++++ Task input

Definition blk (z : vec) (k : 'I_K) (i : 'I_(nk k)) : R :=
  z (Tagged (fun k => 'I_(nk k)) i).
Arguments blk : clear implicits.

(* profiles (z'_k, z_{-k}) with z'_k ranging over
   Z'_k = { w in R^(n_k) | ||w - z0_k|| <= r } *)
Definition dev_set (z0 : vec) (r : R) (k : 'I_K) (z : vec) : set vec :=
  [set z' : vec | (forall c : C, tag c != k -> z' c = z c) /\
                  enorm (fun i : 'I_(nk k) => blk z' k i - blk z0 k i) <= r].

(* total gap function w.r.t. Z' = prod_k Z'_k; the min over the compact set
   Z'_k (attained since f_k is continuous) is written as an infimum *)
Definition gap (f : 'I_K -> vec -> R) (z0 : vec) (r : R) (z : vec) : R :=
  \sum_(k < K) (f k z - inf [set f k z' | z' in dev_set z0 r k z]).

End GameDefs.
Arguments blk {R K nk} z k i.

From HB Require Import structures.
From mathcomp Require Import all_boot all_order all_algebra.
From mathcomp Require Import all_classical all_reals.
From mathcomp Require Import topology normedtype derive.
From mathcomp Require Import ring lra.
Set Implicit Arguments. Unset Strict Implicit. Unset Printing Implicit Defensive.
Import Order.TTheory GRing.Theory Num.Theory.
Import numFieldNormedType.Exports.
Local Open Scope ring_scope.
Local Open Scope classical_set_scope.

(* Write w_t := z^(t) + eta F(z^(t-1)).  The optimistic update is Popov's
   extragradient method: w_(t+1) = w_t - eta F(z^(t)) and
   z^(t+1) = w_(t+1) - eta F(z^(t)).  Put q := (eta ell)^2 <= 1/150^2.
   Monotonicity at z* and the Lipschitz bound show that the energy
   E_t := |w_(t+1) - z*|^2 + 2 q eta^2 |F z^(t-1)|^2 loses at least
   eta^2 |F z^(t)|^2 / 2 per step.  Monotonicity between consecutive leading
   points shows that Phi_t := |F w_t|^2 + |F w_t - F z^(t-1)|^2 is
   nonincreasing.  Since Phi_t <= 6 (|F z^(t)|^2 + |F z^(t-1)|^2), the quantity
   eta^2 t Phi_t + 12 (E_t + E_(t-1)) decreases too, which yields
   eta^2 T |F z^(T)|^2 <= 150 D^2 and |z^(T) - z*|^2 <= 13 D^2.
   Monotonicity of F also makes each f_k convex in its own block, so for a
   unilateral deviation z' we get f_k(z) - f_k(z') <= <F z, z - z'>, and Young's
   inequality bounds this by 180 D^2 / (eta sqrt T) on Z'. *)

Section ScalarInequalities.
Variable R : realType.

Lemma mulr_le_young (al u v : R) :
  0 < al -> u * v <= al / 2 * u ^+ 2 + (2 * al)^-1 * v ^+ 2.
Proof.
move=> al_gt0; rewrite -subr_ge0.
have -> : al / 2 * u ^+ 2 + (2 * al)^-1 * v ^+ 2 - u * v = (al * u - v) ^+ 2 / (2 * al).
  by field; rewrite gt_eqF.
by rewrite divr_ge0 ?sqr_ge0 // mulr_ge0 // ltW.
Qed.

Lemma sqrDB_le3 (a b c : R) :
  (a + b - c) ^+ 2 <= 3 * a ^+ 2 + 3 * b ^+ 2 + 3 * c ^+ 2.
Proof.
rewrite -subr_ge0 (_ : _ - _ = (a - b) ^+ 2 + (a + c) ^+ 2 + (b + c) ^+ 2); last by ring.
by rewrite !addr_ge0 ?sqr_ge0.
Qed.

Lemma young_le_div (t u w a b : R) : 0 < t ->
  t ^+ 2 * u <= a -> w <= b -> t / 2 * u + (2 * t)^-1 * w <= (a + b) / (2 * t).
Proof.
move=> t_gt0 ua wb.
rewrite (_ : t / 2 * u + (2 * t)^-1 * w = (t ^+ 2 * u + w) / (2 * t)).
  by rewrite ler_pM2r ?invr_gt0 ?mulr_gt0 //; lra.
by field; rewrite gt_eqF.
Qed.

End ScalarInequalities.

Section SquaredNorm.
Variables (R : realType) (T : finType).
Implicit Types (u v : T -> R).

Definition sqnorm v : R := \sum_c v c ^+ 2.

Lemma sqnorm_ge0 v : 0 <= sqnorm v.
Proof. by apply: sumr_ge0 => c _; rewrite sqr_ge0. Qed.

Lemma sqr_enorm v : enorm v ^+ 2 = sqnorm v.
Proof. by rewrite sqr_sqrtr // sqnorm_ge0. Qed.

Lemma sqnorm_le_sqr v (l : R) : 0 <= l -> enorm v <= l -> sqnorm v <= l ^+ 2.
Proof. by move=> l_ge0 vl; rewrite -sqr_enorm ler_sqr ?nnegrE ?sqrtr_ge0. Qed.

++++++++

For the word "Require", count the lines of the listing above that hold it; the number alone is the answer.

■ Output for this exercise: 5